> Problem description: Print, from the listing below, the lines starting at the line containing "(* Let $N\ge" and ending at the line containing "Local Open Scope ring_scope.", exactly as they stand, and print nothing else.

--- Data provided Enclosed Below ---

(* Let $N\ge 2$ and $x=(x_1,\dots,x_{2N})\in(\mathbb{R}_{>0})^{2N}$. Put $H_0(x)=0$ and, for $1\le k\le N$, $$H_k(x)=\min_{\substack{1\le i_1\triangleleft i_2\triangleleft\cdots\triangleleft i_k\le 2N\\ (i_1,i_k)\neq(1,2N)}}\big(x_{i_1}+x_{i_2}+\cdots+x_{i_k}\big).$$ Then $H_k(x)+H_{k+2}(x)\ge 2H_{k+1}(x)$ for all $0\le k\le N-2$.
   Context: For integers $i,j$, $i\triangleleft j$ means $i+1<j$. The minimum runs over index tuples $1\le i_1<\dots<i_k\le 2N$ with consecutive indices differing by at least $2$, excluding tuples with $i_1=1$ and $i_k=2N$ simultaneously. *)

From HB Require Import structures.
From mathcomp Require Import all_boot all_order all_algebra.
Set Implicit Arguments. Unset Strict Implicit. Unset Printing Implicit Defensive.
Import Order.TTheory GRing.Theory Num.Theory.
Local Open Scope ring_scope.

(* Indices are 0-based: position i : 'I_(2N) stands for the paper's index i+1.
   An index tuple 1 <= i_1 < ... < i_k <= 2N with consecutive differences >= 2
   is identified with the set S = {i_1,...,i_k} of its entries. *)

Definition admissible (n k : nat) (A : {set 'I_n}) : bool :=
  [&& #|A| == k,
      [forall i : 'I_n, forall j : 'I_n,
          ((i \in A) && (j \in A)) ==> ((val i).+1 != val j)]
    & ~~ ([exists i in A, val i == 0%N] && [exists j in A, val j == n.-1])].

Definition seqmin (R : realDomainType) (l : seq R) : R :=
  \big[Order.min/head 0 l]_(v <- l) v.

--- End of Enclosed Data provided ---
--- Data provided Enclosed Below ---

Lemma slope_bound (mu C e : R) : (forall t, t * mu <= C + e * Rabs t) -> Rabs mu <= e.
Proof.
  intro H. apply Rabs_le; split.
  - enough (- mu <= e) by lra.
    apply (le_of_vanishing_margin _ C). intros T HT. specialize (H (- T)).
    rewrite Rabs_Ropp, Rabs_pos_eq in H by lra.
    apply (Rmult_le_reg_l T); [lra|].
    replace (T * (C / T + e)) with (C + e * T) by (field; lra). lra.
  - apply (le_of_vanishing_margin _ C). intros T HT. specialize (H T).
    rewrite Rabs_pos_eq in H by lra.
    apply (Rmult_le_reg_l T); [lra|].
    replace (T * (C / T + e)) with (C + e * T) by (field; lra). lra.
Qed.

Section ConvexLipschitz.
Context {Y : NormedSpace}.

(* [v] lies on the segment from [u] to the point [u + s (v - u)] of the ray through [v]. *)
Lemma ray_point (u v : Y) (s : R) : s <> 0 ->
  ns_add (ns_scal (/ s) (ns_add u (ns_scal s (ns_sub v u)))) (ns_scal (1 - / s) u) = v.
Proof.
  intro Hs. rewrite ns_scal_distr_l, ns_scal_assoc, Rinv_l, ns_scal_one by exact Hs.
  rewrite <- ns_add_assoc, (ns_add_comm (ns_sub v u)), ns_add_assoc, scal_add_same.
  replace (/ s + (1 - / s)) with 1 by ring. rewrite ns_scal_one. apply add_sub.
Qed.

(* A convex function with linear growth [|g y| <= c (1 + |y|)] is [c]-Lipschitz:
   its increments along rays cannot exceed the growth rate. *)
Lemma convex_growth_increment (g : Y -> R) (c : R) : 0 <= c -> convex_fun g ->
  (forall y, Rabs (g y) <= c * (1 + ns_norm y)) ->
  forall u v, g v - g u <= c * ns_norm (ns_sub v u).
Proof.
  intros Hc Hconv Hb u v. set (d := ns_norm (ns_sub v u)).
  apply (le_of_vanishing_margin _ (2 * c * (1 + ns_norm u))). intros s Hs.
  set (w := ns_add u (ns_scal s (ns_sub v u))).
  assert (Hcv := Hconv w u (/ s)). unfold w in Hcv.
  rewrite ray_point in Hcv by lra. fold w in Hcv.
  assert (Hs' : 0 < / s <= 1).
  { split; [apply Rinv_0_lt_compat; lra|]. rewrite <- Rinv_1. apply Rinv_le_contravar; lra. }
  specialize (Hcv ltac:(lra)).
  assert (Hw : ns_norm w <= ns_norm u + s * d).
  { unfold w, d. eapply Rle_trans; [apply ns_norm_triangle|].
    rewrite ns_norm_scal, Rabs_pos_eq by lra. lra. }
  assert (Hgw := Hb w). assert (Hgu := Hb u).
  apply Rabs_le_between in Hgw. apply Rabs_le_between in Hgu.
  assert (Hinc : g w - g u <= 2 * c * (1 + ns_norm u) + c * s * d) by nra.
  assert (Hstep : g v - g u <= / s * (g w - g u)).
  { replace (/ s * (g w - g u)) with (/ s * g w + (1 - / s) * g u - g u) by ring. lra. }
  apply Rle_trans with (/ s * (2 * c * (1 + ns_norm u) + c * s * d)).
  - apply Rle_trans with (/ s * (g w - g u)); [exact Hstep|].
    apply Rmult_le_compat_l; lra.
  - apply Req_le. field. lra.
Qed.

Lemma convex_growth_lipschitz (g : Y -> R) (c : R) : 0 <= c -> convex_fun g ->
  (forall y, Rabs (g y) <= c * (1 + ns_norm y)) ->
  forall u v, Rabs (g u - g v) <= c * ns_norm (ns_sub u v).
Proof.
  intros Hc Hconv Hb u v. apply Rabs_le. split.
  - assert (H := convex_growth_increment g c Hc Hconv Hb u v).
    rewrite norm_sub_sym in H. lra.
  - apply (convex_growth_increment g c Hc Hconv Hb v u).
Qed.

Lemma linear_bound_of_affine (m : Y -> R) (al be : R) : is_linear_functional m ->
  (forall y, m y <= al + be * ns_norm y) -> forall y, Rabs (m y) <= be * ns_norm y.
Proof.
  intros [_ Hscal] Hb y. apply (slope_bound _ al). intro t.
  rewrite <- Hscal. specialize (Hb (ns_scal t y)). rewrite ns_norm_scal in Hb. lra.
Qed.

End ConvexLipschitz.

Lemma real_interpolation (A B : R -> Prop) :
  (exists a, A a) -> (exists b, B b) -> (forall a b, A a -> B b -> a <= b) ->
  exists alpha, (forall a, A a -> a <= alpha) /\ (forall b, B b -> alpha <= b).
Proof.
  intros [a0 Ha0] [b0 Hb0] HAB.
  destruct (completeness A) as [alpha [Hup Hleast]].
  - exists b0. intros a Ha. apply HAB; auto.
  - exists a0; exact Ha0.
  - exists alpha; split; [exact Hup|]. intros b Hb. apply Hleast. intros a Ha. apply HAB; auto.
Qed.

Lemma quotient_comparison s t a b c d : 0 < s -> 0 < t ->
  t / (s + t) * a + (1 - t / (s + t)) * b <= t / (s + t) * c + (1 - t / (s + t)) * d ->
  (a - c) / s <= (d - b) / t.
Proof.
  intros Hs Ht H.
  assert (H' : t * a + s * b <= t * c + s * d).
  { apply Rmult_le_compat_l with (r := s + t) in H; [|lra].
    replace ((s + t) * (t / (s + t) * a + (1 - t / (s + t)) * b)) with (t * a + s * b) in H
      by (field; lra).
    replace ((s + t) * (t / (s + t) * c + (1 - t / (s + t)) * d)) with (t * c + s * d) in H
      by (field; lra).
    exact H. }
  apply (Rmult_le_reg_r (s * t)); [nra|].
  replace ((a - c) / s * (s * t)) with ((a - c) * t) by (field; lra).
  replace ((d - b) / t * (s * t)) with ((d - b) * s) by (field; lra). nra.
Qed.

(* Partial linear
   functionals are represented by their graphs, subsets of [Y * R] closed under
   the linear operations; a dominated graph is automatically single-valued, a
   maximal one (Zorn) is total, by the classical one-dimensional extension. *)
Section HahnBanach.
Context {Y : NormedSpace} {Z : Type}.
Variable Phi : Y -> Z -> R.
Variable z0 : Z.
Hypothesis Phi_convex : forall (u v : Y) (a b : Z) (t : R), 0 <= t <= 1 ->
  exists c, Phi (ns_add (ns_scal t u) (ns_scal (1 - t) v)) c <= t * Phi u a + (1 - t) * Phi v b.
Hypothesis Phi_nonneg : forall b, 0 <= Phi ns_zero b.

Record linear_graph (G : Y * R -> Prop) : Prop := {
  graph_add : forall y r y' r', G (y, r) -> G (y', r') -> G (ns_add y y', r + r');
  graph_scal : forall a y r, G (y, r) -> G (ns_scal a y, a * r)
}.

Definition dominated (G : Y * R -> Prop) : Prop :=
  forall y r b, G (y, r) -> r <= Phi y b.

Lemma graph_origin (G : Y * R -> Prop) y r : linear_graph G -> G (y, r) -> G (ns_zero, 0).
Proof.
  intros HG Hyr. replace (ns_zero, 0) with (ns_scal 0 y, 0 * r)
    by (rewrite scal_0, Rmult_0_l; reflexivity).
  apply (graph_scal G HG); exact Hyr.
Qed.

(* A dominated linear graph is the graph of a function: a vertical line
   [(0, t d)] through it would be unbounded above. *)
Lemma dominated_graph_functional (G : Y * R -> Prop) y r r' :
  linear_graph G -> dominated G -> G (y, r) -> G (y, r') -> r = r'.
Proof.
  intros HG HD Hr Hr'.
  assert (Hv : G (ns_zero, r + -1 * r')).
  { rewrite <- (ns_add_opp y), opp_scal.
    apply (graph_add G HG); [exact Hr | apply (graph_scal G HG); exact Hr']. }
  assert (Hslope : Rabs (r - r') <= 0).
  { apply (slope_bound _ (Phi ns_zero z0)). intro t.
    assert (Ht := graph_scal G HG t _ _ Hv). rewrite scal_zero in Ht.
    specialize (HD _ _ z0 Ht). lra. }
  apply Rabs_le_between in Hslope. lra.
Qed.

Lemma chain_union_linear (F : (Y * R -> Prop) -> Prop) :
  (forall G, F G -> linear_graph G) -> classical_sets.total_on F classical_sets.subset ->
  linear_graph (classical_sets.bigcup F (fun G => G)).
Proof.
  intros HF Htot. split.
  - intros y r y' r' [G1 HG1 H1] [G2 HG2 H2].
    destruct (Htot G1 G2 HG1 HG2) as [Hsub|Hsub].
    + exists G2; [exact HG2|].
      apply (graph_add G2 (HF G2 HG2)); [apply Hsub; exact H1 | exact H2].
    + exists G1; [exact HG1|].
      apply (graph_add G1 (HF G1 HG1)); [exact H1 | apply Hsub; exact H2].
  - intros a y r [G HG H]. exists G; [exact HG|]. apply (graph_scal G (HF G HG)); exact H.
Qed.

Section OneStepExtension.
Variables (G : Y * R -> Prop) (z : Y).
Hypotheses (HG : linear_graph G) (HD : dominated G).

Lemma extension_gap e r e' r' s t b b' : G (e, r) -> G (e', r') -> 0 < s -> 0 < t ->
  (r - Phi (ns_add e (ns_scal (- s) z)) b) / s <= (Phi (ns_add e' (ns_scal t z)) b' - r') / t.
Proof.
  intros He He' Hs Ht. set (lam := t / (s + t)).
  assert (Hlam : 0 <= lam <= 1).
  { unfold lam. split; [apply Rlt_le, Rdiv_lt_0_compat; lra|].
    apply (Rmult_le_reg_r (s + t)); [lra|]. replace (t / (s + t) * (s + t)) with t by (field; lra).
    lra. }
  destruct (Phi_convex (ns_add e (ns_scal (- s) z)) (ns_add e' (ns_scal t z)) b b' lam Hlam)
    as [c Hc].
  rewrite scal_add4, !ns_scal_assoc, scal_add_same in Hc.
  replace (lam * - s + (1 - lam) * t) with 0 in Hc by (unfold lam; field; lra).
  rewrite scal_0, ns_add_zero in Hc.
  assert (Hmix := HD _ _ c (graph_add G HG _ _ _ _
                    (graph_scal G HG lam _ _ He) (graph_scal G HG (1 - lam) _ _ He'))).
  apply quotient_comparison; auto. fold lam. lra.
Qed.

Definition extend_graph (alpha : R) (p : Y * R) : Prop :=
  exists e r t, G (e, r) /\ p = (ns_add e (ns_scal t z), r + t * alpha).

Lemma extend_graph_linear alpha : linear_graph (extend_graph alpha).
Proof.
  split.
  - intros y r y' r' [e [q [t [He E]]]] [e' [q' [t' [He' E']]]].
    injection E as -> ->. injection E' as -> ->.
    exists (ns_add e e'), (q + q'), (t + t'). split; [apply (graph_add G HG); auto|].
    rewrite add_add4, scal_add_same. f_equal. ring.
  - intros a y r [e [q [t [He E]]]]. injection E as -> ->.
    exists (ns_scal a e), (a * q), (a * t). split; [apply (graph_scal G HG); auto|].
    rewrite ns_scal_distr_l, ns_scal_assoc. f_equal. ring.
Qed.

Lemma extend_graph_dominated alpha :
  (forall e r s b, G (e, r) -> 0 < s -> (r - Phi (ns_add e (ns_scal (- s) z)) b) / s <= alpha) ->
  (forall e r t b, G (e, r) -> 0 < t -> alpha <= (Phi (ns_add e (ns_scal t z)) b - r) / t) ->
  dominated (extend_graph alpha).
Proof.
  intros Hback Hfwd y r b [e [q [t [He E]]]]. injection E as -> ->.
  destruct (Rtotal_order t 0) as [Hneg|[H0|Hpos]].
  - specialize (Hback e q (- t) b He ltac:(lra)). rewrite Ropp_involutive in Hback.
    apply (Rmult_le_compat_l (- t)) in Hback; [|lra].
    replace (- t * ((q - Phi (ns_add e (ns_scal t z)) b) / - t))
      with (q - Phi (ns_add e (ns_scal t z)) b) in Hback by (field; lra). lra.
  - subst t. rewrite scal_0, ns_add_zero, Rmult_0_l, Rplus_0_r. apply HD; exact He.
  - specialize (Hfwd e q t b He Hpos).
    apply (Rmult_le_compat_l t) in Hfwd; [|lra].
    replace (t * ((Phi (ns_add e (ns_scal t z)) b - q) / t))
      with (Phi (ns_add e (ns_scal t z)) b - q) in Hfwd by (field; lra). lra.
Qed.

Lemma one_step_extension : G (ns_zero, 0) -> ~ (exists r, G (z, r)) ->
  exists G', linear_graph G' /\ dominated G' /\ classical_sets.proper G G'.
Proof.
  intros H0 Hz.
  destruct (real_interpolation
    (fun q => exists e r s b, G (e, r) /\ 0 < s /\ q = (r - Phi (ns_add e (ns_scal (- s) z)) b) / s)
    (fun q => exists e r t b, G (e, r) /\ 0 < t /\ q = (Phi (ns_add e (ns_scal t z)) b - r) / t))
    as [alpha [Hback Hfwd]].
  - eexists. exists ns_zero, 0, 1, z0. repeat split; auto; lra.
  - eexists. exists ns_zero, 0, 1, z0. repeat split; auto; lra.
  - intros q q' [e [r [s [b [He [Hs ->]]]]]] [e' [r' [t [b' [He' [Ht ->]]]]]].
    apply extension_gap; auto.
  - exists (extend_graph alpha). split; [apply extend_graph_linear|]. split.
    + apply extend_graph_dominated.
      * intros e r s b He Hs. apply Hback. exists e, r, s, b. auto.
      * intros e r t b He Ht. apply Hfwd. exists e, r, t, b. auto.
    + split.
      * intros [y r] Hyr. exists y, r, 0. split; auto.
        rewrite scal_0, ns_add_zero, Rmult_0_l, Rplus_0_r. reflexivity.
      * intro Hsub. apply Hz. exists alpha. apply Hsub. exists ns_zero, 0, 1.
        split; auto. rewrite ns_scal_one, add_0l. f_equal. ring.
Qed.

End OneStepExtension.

--- End of Enclosed Data provided ---

> Written response:
(* Let $N\ge 2$ and $x=(x_1,\dots,x_{2N})\in(\mathbb{R}_{>0})^{2N}$. Put $H_0(x)=0$ and, for $1\le k\le N$, $$H_k(x)=\min_{\substack{1\le i_1\triangleleft i_2\triangleleft\cdots\triangleleft i_k\le 2N\\ (i_1,i_k)\neq(1,2N)}}\big(x_{i_1}+x_{i_2}+\cdots+x_{i_k}\big).$$ Then $H_k(x)+H_{k+2}(x)\ge 2H_{k+1}(x)$ for all $0\le k\le N-2$.
   Context: For integers $i,j$, $i\triangleleft j$ means $i+1<j$. The minimum runs over index tuples $1\le i_1<\dots<i_k\le 2N$ with consecutive indices differing by at least $2$, excluding tuples with $i_1=1$ and $i_k=2N$ simultaneously. *)

From HB Require Import structures.
From mathcomp Require Import all_boot all_order all_algebra.
Set Implicit Arguments. Unset Strict Implicit. Unset Printing Implicit Defensive.
Import Order.TTheory GRing.Theory Num.Theory.
Local Open Scope ring_scope.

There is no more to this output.